Les supporters pâtissent de cette image et pestent souvent de servir de "rats de laboratoire". "La justice dans les stades n’est pas tout à fait la même que la justice dans la rue, reconnaît Maître Banbanaste. Il y a des données juridiques très particulières qu’il faut maîtriser. A Lyon, on a un parquet avec un procureur spécialisé dans les questions de droit des supporters. Ce n’est pas le cas dans tous les parquets de France. Il (le procureur spécialisé) est plus en prise avec la réalité, de ce qui se passe dans les stades. Il est beaucoup plus réactif à tous les niveaux. Il est plus l’écoute des clubs, des associations de supporters et des riverains. Il peut apporter une réponse juridique beaucoup plus efficace."

Dix fois plus d'interdictions de stade en Allemagne ou en Angleterre

La réponse judiciaire (IDS) est d’ailleurs la moins contestée puisqu’elle est celle qui offre un vrai cadre pour se défendre, contrairement à l’IAS, mais surtout l’ICS. Le nombre d'interdiction judiciaire varie entre 80 et 150 par an. "C’est très faible, sachant qu’on est sur dix fois plus à l’étranger en Allemagne ou en Angleterre, notamment parce que contrairement aux légendes urbaines, il y a beaucoup plus de violences qu’en France", assure Me Barthélémy.

De l’avis des principaux concernés, la généralisation des sanctions semble provoquer un effet contre-productif puisqu’elle n’affecte en rien l’attachement des supporters pour leurs clubs.

"On sait, quand on va au stade qu’on peut choper une IAS au moindre pet de travers, admet Hugo.

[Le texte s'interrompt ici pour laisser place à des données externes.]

(* Let $k \geq 3$ be an odd integer. Any non-reducible partial $k$-star design of order $3k+1$ with four stars is completable.
   Context: A $k$-star is a copy of $K_{1,k}$; its vertex of degree $k$ is the centre and the others are leaves. A partial $k$-star design of order $n$ is a pair $(V,\mathcal{A})$ where $V$ is a set of $n$ vertices and $\mathcal{A}$ is a set of edge-disjoint $k$-stars that are subgraphs of the complete graph $K_V$; it is completable if there is a set $\mathcal{B}\supseteq\mathcal{A}$ of edge-disjoint $k$-stars in $K_V$ covering all edges of $K_V$. Let \[u(n,k)= \begin{cases} 2 \lfloor \frac{n-2}{k} \rfloor-1 & \text{if $n \not \equiv 1\pmod{k}$},\\ \frac{2(n-1)}{k} - 2 & \text{if $n \equiv 1\pmod{k}$.} \end{cases} \] A partial $k$-star design $(V,\mathcal{A})$ of order $n$ is reducible if $n \equiv 1 \pmod{k}$, $|\mathcal{A}|=u(n,k)$, and there is a vertex which is the centre of at least one star in $\mathcal{A}$ and is not a leaf of any star in $\mathcal{A}$; otherwise it is non-reducible. *)

From mathcomp Require Import all_boot all_order all_algebra.
Set Implicit Arguments. Unset Strict Implicit. Unset Printing Implicit Defensive.

(* Vertices: an arbitrary finite type T (so the order is n = #|T|).
   A k-star is represented by a pair (c, L) : centre c and leaf set L,
   with #|L| = k and c \notin L. *)

Definition star (T : finType) := (T * {set T})%type.

Definition centre (T : finType) (s : star T) : T := s.1.
Definition leaves (T : finType) (s : star T) : {set T} := s.2.

Definition is_kstar (T : finType) (k : nat) (s : star T) : bool :=
  (#|leaves s| == k) && (centre s \notin leaves s).

Definition star_edges (T : finType) (s : star T) : {set {set T}} :=
  [set [set centre s; l] | l in leaves s].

Si on prend une IAS et qu’on en reprend une autre, les durées évoluent en récidive. Mais c’est très rare qu’une IAS ou IDS atténue la passion d’un supporter. Ça n’a aucun effet, au contraire. Ça nous renforce dans nos convictions et ça ne nous empêche pas d’être présent et de revenir à la fin de l’interdiction. Je reprendrai les déplacements et les matchs à domicile comme avant. Le tout répressif n’apporte rien."

"Je me suis demandé ce qu’il aurait fallu pour que je ne remette plus les pieds au stade mais je ne vois pas, emboite Clément. C’est impossible! C’est le moment de décompression, je sais que je vais retourner au Parc, ça ne changera rien."